== Data for the task

(* Write [sin p cos q = (sin (p + q) + sin (p - q)) / 2] with [p = (t - t') <a + n>] and
   [q = (t - t') <n>].

   The sum frequency [w(n) = <a + n> + <n>] makes the [t'] integral oscillate like
   [e^{i (lam +- w(n)) t'}]; comparing it with its shift by half a period gains a factor
   [min (1, 1 / |lam +- w(n)|)] against the size [A N^-3] of [f] and [A N^-4] of its derivative
   on the shell [|n| ~ N]. Because [|a| <= N / 4], [w] grows by at least [1/4] per unit step
   along the dominant coordinate of [n], so on each line of the shell these gains sum to
   [O(log N)]; over the [O(N^2)] lines this gives [T A log N / N].

   The difference frequency does not oscillate, but the terms [n] and [-n] nearly cancel:
   [f(n) - f(-n) = O(A <n>^-4)], and [sin (x d+) + sin (x d-) = O(|x| |d+ + d-|)] where
   [d+ + d- = <a + n> + <a - n> - 2 <n> = O(|a|^2 / <n>)] by the parallelogram law. The
   [O(N^3)] shell terms of size [T A (1 + T |a|^2) N^-4] then sum to [T^2 A^3 / N]. *)

From Stdlib Require Import Reals ZArith List Permutation Lra Lia Psatz Classical ClassicalEpsilon.
From Coquelicot Require Import Coquelicot.
Open Scope R_scope.

Notation CV := C_R_CompleteNormedModule.

Definition lsum {X : Type} (l : list X) (g : X -> R) : R := fold_right Rplus 0 (map g l).

Definition lcsum {X : Type} (l : list X) (g : X -> C) : C := fold_right Cplus 0%C (map g l).

Section ListSums.
Context {X : Type}.
Implicit Types (l : list X) (g h : X -> R).

Lemma lsum_nil g : lsum nil g = 0.
Proof. reflexivity. Qed.

Lemma lsum_cons x l g : lsum (x :: l) g = g x + lsum l g.
Proof. reflexivity. Qed.

Lemma lsum_app l1 l2 g : lsum (l1 ++ l2) g = lsum l1 g + lsum l2 g.
Proof.
  induction l1 as [|x l1 IH]; [simpl; rewrite lsum_nil; ring|].
  simpl app. rewrite !lsum_cons, IH. ring.
Qed.

Lemma lsum_ext l g h : (forall x, In x l -> g x = h x) -> lsum l g = lsum l h.
Proof.
  induction l as [|x l IH]; intros H; [reflexivity|].
  rewrite !lsum_cons, H by (simpl; auto). f_equal. apply IH. intros y Hy. apply H. simpl; auto.
Qed.

Lemma lsum_le l g h : (forall x, In x l -> g x <= h x) -> lsum l g <= lsum l h.
Proof.
  induction l as [|x l IH]; intros H; [apply Rle_refl|].
  rewrite !lsum_cons. apply Rplus_le_compat; [apply H; simpl; auto|].
  apply IH. intros y Hy. apply H. simpl; auto.
Qed.

Lemma lsum_const l c : lsum l (fun _ => c) = INR (length l) * c.
Proof.
  induction l as [|x l IH]; [rewrite !lsum_nil; simpl; ring|].
  rewrite lsum_cons, IH. simpl length. rewrite S_INR. ring.
Qed.

Lemma lsum_eq0 l g : (forall x, In x l -> g x = 0) -> lsum l g = 0.
Proof. intros H. rewrite (lsum_ext l g (fun _ => 0)) by exact H. rewrite lsum_const. ring. Qed.

Lemma lsum_plus l g h : lsum l (fun x => g x + h x) = lsum l g + lsum l h.
Proof. induction l as [|x l IH]; [rewrite !lsum_nil; simpl; ring|]. rewrite !lsum_cons, IH. ring. Qed.

Lemma lsum_scal l c g : lsum l (fun x => c * g x) = c * lsum l g.
Proof. induction l as [|x l IH]; [rewrite !lsum_nil; simpl; ring|]. rewrite !lsum_cons, IH. ring. Qed.
Lemma paths_absorbed (m n : mon) : infinite_type Act -> mequiv m n ->
  forall w u, In (w, u) (paths n) -> path_absorbed (paths m) w u.
Proof.
  intros Hinf Heq w [v|x] Hin; simpl.
  - destruct (Heq end_subst) as [Ha Hr]; [intro; exact I|].
    destruct v; [left; auto|right..]; (eapply verd_path_covered; [discriminate| |exact Hin]);
      intro s; [apply Ha|apply Hr].
  - destruct (Hinf (w ++ concat (map fst (paths m)))) as [b Hb].
    assert (Hbw : ~ In b w) by (intro; apply Hb, in_app_iff; auto).
    assert (Hbm : forall w0 u0, In (w0, u0) (paths m) -> ~ In b w0).
    { intros w0 u0 H H'. apply Hb, in_app_iff. right. apply in_concat.
      exists w0. split; auto. apply in_map_iff. exists (w0, u0); auto. }
    assert (Hcl : forall v, closed_subst (probe v b x)).
    { intros v y. unfold probe. destruct (y =? x); exact I. }
    destruct (Heq _ (Hcl vyes)) as [Ha _].
    destruct (Heq _ (Hcl vno)) as [_ Hr].
    assert (Hyes : In (w, LVar x) (paths m) \/ covered (paths m) vyes w).
    { eapply var_path_absorbed with (n := n); eauto; [discriminate|intro s; apply Ha]. }
    assert (Hno : In (w, LVar x) (paths m) \/ covered (paths m) vno w).
    { eapply var_path_absorbed with (n := n); eauto; [discriminate|intro s; apply Hr]. }
    tauto.
Qed.


Instance deq_equiv : Equivalence deq.
Proof.
  split; [intro; apply d_refl|intros ? ? ?; apply d_sym; auto|].
  intros ? ? ? ? ?; eapply d_trans; eauto.
Qed.

Instance sum_proper : Proper (deq ==> deq ==> deq) (@MSum Act).
Proof. intros ? ? ? ? ? ?; apply d_sum; auto. Qed.

Instance pre_proper : Proper (eq ==> deq ==> deq) (@MPre Act).
Proof. intros ? ? -> ? ? ?; apply d_pre; auto. Qed.

Definition inst3 (t1 t2 t3 : mon) : nat -> mon :=
  fun k => match k with 0 => t1 | 1 => t2 | _ => t3 end.

Lemma ax_instance (t1 t2 t3 l r : mon) :
  Evp l r -> deq (subst (inst3 t1 t2 t3) l) (subst (inst3 t1 t2 t3) r).
Proof. intro H. apply d_subst, d_ax, H. Qed.

Lemma ax_comm (t1 t2 : mon) : deq (MSum t1 t2) (MSum t2 t1).
Proof. exact (ax_instance t1 t2 t1 (Evp_Ev (A1 Act))). Qed.

Lemma ax_assoc (t1 t2 t3 : mon) : deq (MSum t1 (MSum t2 t3)) (MSum (MSum t1 t2) t3).
Proof. exact (ax_instance t1 t2 t3 (Evp_Ev (A2 Act))). Qed.

Lemma ax_idem (t : mon) : deq (MSum t t) t.
Proof. exact (ax_instance t t t (Evp_Ev (A3 Act))). Qed.

Lemma ax_end (t : mon) : deq (MSum t (MVerd vend)) t.
Proof. exact (ax_instance t t t (Evp_Ev (A4 Act))). Qed.

Lemma ax_dist a (t1 t2 : mon) : deq (MPre a (MSum t1 t2)) (MSum (MPre a t1) (MPre a t2)).
Proof. exact (ax_instance t1 t2 t1 (Evp_Ev (Da a))). Qed.

Lemma ax_o1 (t : mon) :
  deq (MSum (MVerd vyes) (MVerd vno)) (MSum (MSum (MVerd vyes) (MVerd vno)) t).
Proof. exact (ax_instance t t t (O1 Act)). Qed.

Lemma ax_pre_end a : deq (MPre a (MVerd vend)) (MVerd vend).
Proof. apply d_ax, Evp_Ev, Ea. Qed.

(* Every verdict may emit any action and stay put (Y_a and N_a; for [end] this
   follows from E_a and idempotence). *)
Lemma ax_verd v a : deq (MVerd v) (MSum (MVerd v) (MPre a (MVerd v))).
Proof.
  destruct v; [|apply d_ax, Evp_Ev, Ya|apply d_ax, Evp_Ev, Na].
  rewrite ax_pre_end. symmetry. apply ax_idem.
Qed.


Definition pw (w : list Act) (t : mon) : mon := fold_right (@MPre Act) t w.

Definition path_mon (p : path) : mon := pw (fst p) (leaf_mon (snd p)).

Fixpoint sumL (l : list path) : mon :=
  match l with [] => MVerd vend | p :: l => MSum (path_mon p) (sumL l) end.

Lemma pw_cong w (t t' : mon) : deq t t' -> deq (pw w t) (pw w t').
Proof. intro H. induction w as [|a w IH]; simpl; auto. rewrite IH. reflexivity. Qed.

Lemma pw_app w1 w2 (t : mon) : pw (w1 ++ w2) t = pw w1 (pw w2 t).
Proof. apply fold_right_app. Qed.

Lemma pw_sum w (t t' : mon) : deq (pw w (MSum t t')) (MSum (pw w t) (pw w t')).
Proof. induction w as [|a w IH]; simpl; [reflexivity|]. rewrite IH. apply ax_dist. Qed.

Lemma pw_end w : deq (pw w (MVerd vend)) (MVerd vend).
Proof. induction w as [|a w IH]; simpl; [reflexivity|]. rewrite IH. apply ax_pre_end. Qed.

Lemma sumL_app l1 l2 : deq (sumL (l1 ++ l2)) (MSum (sumL l1) (sumL l2)).
Proof.
  induction l1 as [|p l1 IH]; simpl.
  - rewrite ax_comm. symmetry. apply ax_end.
  - rewrite IH. apply ax_assoc.
Qed.

Lemma pre_sumL a l : deq (MPre a (sumL l)) (sumL (map (fun p => (a :: fst p, snd p)) l)).
Proof. induction l as [|p l IH]; simpl; [apply ax_pre_end|]. rewrite ax_dist, IH. reflexivity. Qed.

Lemma normal_form (m : mon) : deq m (sumL (paths m)).
Proof.
  induction m as [v|a m IH|m1 IH1 m2 IH2|x]; simpl.
  - symmetry; apply ax_end.
  - rewrite IH at 1. apply pre_sumL.
  - rewrite sumL_app, <- IH1, <- IH2. reflexivity.
  - symmetry; apply ax_end.
Qed.

Definition summand (t T : mon) : Prop := deq (MSum t T) T.

Lemma summand_antisym (t T : mon) : summand t T -> summand T t -> deq t T.
Proof. unfold summand. intros H1 H2. rewrite <- H2 at 1. rewrite ax_comm. exact H1. Qed.

Lemma summand_plus (t1 t2 T : mon) : summand t1 T -> summand t2 T -> summand (MSum t1 t2) T.
Proof. unfold summand. intros H1 H2. rewrite <- ax_assoc, H2. exact H1. Qed.

Lemma summand_absorbed (t1 t2 T : mon) : summand t1 T -> deq t1 (MSum t1 t2) -> summand t2 T.
Proof.
  unfold summand. intros H1 H2. rewrite <- H1 at 1.
  rewrite ax_assoc, (ax_comm t2 t1), <- H2. exact H1.
Qed.

Lemma summand_in l p : In p l -> summand (path_mon p) (sumL l).
Proof.
  unfold summand. induction l as [|q l IH]; simpl; [contradiction|].
  intros [<-|Hin].
  - rewrite ax_assoc, ax_idem. reflexivity.
  - rewrite ax_assoc, (ax_comm (path_mon p) (path_mon q)), <- ax_assoc, IH; auto.
    reflexivity.
Qed.

Lemma summand_sumL l T : (forall p, In p l -> summand (path_mon p) T) -> summand (sumL l) T.
Proof.
  induction l as [|p l IH]; simpl; intro H.
  - unfold summand. rewrite ax_comm. apply ax_end.
  - apply summand_plus; auto.
Qed.

Lemma verd_absorbs_pw v r : deq (MVerd v) (MSum (MVerd v) (pw r (MVerd v))).
Proof.
  induction r as [|a r IH]; simpl; [symmetry; apply ax_idem|].
  rewrite (ax_verd v a) at 1. rewrite IH at 2.
  rewrite ax_dist, ax_assoc, <- (ax_verd v a). reflexivity.
Qed.

Lemma summand_covered l v w : covered l v w -> summand (pw w (MVerd v)) (sumL l).
Proof.
  intros (w0 & Hin & r & ->). apply summand_absorbed with (t1 := pw w0 (MVerd v)).
  - exact (summand_in l (w0, LVerd v) Hin).
  - rewrite pw_app, <- pw_sum. apply pw_cong, verd_absorbs_pw.
Qed.

(* Axiom O1: once both verdicts are reachable along [w], anything may follow [w]. *)
Lemma summand_yes_no w (u T : mon) :
  summand (pw w (MVerd vyes)) T -> summand (pw w (MVerd vno)) T -> summand (pw w u) T.
Proof.
  intros H1 H2. apply summand_absorbed with (t1 := MSum (pw w (MVerd vyes)) (pw w (MVerd vno))).
  - apply summand_plus; auto.
  - rewrite <- !pw_sum. apply pw_cong, ax_o1.
Qed.

Lemma summand_path_absorbed l w u :
  path_absorbed l w u -> summand (path_mon (w, u)) (sumL l).
Proof.
  unfold path_mon; simpl. destruct u as [v|x]; simpl.
  - intros [->|H]; [|apply summand_covered; auto].
    unfold summand. rewrite pw_end, ax_comm. apply ax_end.
  - intros [H|[H1 H2]]; [exact (summand_in l (w, LVar x) H)|].
    apply summand_yes_no; apply summand_covered; auto.
Qed.

Lemma mequiv_sym (m n : mon) : mequiv m n -> mequiv n m.
Proof. intros H s Hs. destruct (H s Hs) as [A B]. split; intro; symmetry; auto. Qed.

Lemma summand_normal_forms (m n : mon) :
  infinite_type Act -> mequiv m n -> summand (sumL (paths n)) (sumL (paths m)).
Proof.
  intros Hinf Heq. apply summand_sumL. intros [w u] Hin.
  apply summand_path_absorbed. eapply paths_absorbed; eauto.
Qed.

End Completeness.

Theorem mainTheorem9 (Act : Type) (Hinf : infinite_type Act) (m n : mon Act) :
  mequiv m n -> derivable (@Evp Act) m n.
Proof.
  intro Heq.
  apply d_trans with (t' := sumL (paths m)); [apply normal_form|].
  apply d_trans with (t' := sumL (paths n)); [|apply d_sym, normal_form].
  apply summand_antisym; apply summand_normal_forms; auto.
  apply mequiv_sym; exact Heq.
Qed.
(* Let $X$ be a finite set with similarity function $S$, suppose the target clustering $\mathcal{C}^{\ast}$ satisfies stability with respect to $S$, and suppose the initial clustering has correlation-clustering error $\delta_{cc}$. In the $\eta$-merge model, for any $\eta>2/3$, the interactive algorithm using the global split procedure and the correlation-clustering merge procedure (described below) requires at most $\delta_{cc}$ edit requests to find the target clustering.
   Context: For nonempty $A,A'\subseteq X$, $S(A,A')$ is the average of $S(x,y)$ over $x\in A,y\in A'$. $\mathcal{C}^{\ast}=\{C^{\ast}_1,\dots,C^{\ast}_k\}$ satisfies stability w.r.t. $S$ if for all $i\neq j$, every nonempty proper $A\subset C^{\ast}_i$ and nonempty $A'\subseteq C^{\ast}_j$: $S(A,C^{\ast}_i\setminus A)>S(A,A')$. For a clustering $\mathcal{C}$, $\delta_{cc}=|\{(u,v)\in X\times X: c(u,v)\neq c^{\ast}(u,v)\}|$, where $c(u,v)=1$ if $u,v$ lie in the same cluster of $\mathcal{C}$ and $0$ otherwise, and $c^{\ast}$ is defined likewise for $\mathcal{C}^{\ast}$. Average-linkage tree $T_{glob}$: leaves are singletons; repeatedly merge the two current nodes $N_1,N_2$ with largest $S(N_1,N_2)$ (ties arbitrary) into parent $N_1\cup N_2$ until the root $X$ remains. Process ($\eta$-merge model): starting from the initial clustering, an oracle repeatedly issues split$(C_i)$ (only if current cluster $C_i$ contains points from two or more target clusters) or merge$(C_i,C_j)$ for distinct current clusters (only if some target cluster $C^{\ast}_l$ has $|C_i\cap C^{\ast}_l|\ge\eta|C_i|$ and $|C_j\cap C^{\ast}_l|\ge\eta|C_j|$). Split procedure: let $N$ be the deepest node of $T_{glob}$ containing $C_i$, with children $N_1,N_2$; replace $C_i$ by $C_i\cap N_1$ and $C_i\cap N_2$. Correlation-clustering merge procedure: find a node $N$ of $T_{glob}$ of maximal depth with $|N\cap C_i|\ge\eta|C_i|$ and $|N\cap C_j|\ge\eta|C_j|$; if $|C_i|\ge|C_j|$, replace $C_i$ by $C_i\cup(N\cap C_j)$ and $C_j$ by $C_j\setminus N$; otherwise replace $C_i$ by $C_i\setminus N$ and $C_j$ by $C_j\cup(N\cap C_i)$ (empty clusters are discarded). The bound is on the number of requests before the current clustering equals $\mathcal{C}^{\ast}$, for any sequence of allowed requests. *)

From HB Require Import structures.
From mathcomp Require Import all_boot all_order all_algebra.
Set Implicit Arguments.
Unset Strict Implicit.
Unset Printing Implicit Defensive.
Import Order.TTheory GRing.Theory Num.Theory.
Local Open Scope ring_scope.

Section ClusterDefs.
Variables (R : realFieldType) (X : finType).

Definition Savg (S : X -> X -> R) (A B : {set X}) : R :=
  (\sum_(x in A) \sum_(y in B) S x y) / (#|A| * #|B|)%:R.

Definition stable (S : X -> X -> R) (T : {set {set X}}) : Prop :=
  forall Ci Cj, Ci \in T -> Cj \in T -> Ci != Cj ->
  forall A A' : {set X}, A != set0 -> A \proper Ci -> A' != set0 -> A' \subset Cj ->
    Savg S A A' < Savg S A (Ci :\: A).

Definition same_cluster (P : {set {set X}}) (u v : X) : bool :=
  [exists B in P, (u \in B) && (v \in B)].

Definition delta_cc (P T : {set {set X}}) : nat :=
  #|[set uv : X * X | same_cluster P uv.1 uv.2 != same_cluster T uv.1 uv.2]|.

(* Average-linkage tree, represented by its sequence of merges (N1,N2). *)
Definition singletons : {set {set X}} := [set [set x] | x : X].

Definition merge_part (P : {set {set X}}) (p : {set X} * {set X}) :
  {set {set X}} := (p.1 :|: p.2) |: ((P :\ p.1) :\ p.2).

Definition linkage_part (ms : seq ({set X} * {set X})) (i : nat) :=
  foldl merge_part singletons (take i ms).

Definition avg_linkage_tree (S : X -> X -> R) (ms : seq ({set X} * {set X}))
  : Prop :=
  (forall i, (i < size ms)%N ->
     let P := linkage_part ms i in
     let p := nth (set0, set0) ms i in
     [/\ p.1 \in P, p.2 \in P, p.1 != p.2 &
       forall M1 M2, M1 \in P -> M2 \in P -> M1 != M2 ->
         Savg S M1 M2 <= Savg S p.1 p.2])
  /\ linkage_part ms (size ms) = [set [set: X]].

Definition tree_nodes (ms : seq ({set X} * {set X})) : {set {set X}} :=
  singletons :|: [set p.1 :|: p.2 | p in ms].

Definition depth (ms : seq ({set X} * {set X})) (N : {set X}) : nat :=
  #|[set M in tree_nodes ms | N \proper M]|.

====

**Instructions to follow**:
Each line in the listing above from the one containing "Instance pre_proper : Proper" through the one containing "Proof. exact (ax_instance t t t (O1" should be repeated exactly, and no other line.

**Task response**:
Instance pre_proper : Proper (eq ==> deq ==> deq) (@MPre Act).
Proof. intros ? ? -> ? ? ?; apply d_pre; auto. Qed.

Definition inst3 (t1 t2 t3 : mon) : nat -> mon :=
  fun k => match k with 0 => t1 | 1 => t2 | _ => t3 end.

Lemma ax_instance (t1 t2 t3 l r : mon) :
  Evp l r -> deq (subst (inst3 t1 t2 t3) l) (subst (inst3 t1 t2 t3) r).
Proof. intro H. apply d_subst, d_ax, H. Qed.

Lemma ax_comm (t1 t2 : mon) : deq (MSum t1 t2) (MSum t2 t1).
Proof. exact (ax_instance t1 t2 t1 (Evp_Ev (A1 Act))). Qed.

Lemma ax_assoc (t1 t2 t3 : mon) : deq (MSum t1 (MSum t2 t3)) (MSum (MSum t1 t2) t3).
Proof. exact (ax_instance t1 t2 t3 (Evp_Ev (A2 Act))). Qed.

Lemma ax_idem (t : mon) : deq (MSum t t) t.
Proof. exact (ax_instance t t t (Evp_Ev (A3 Act))). Qed.

Lemma ax_end (t : mon) : deq (MSum t (MVerd vend)) t.
Proof. exact (ax_instance t t t (Evp_Ev (A4 Act))). Qed.

Lemma ax_dist a (t1 t2 : mon) : deq (MPre a (MSum t1 t2)) (MSum (MPre a t1) (MPre a t2)).
Proof. exact (ax_instance t1 t2 t1 (Evp_Ev (Da a))). Qed.

Lemma ax_o1 (t : mon) :
  deq (MSum (MVerd vyes) (MVerd vno)) (MSum (MSum (MVerd vyes) (MVerd vno)) t).
Proof. exact (ax_instance t t t (O1 Act)). Qed.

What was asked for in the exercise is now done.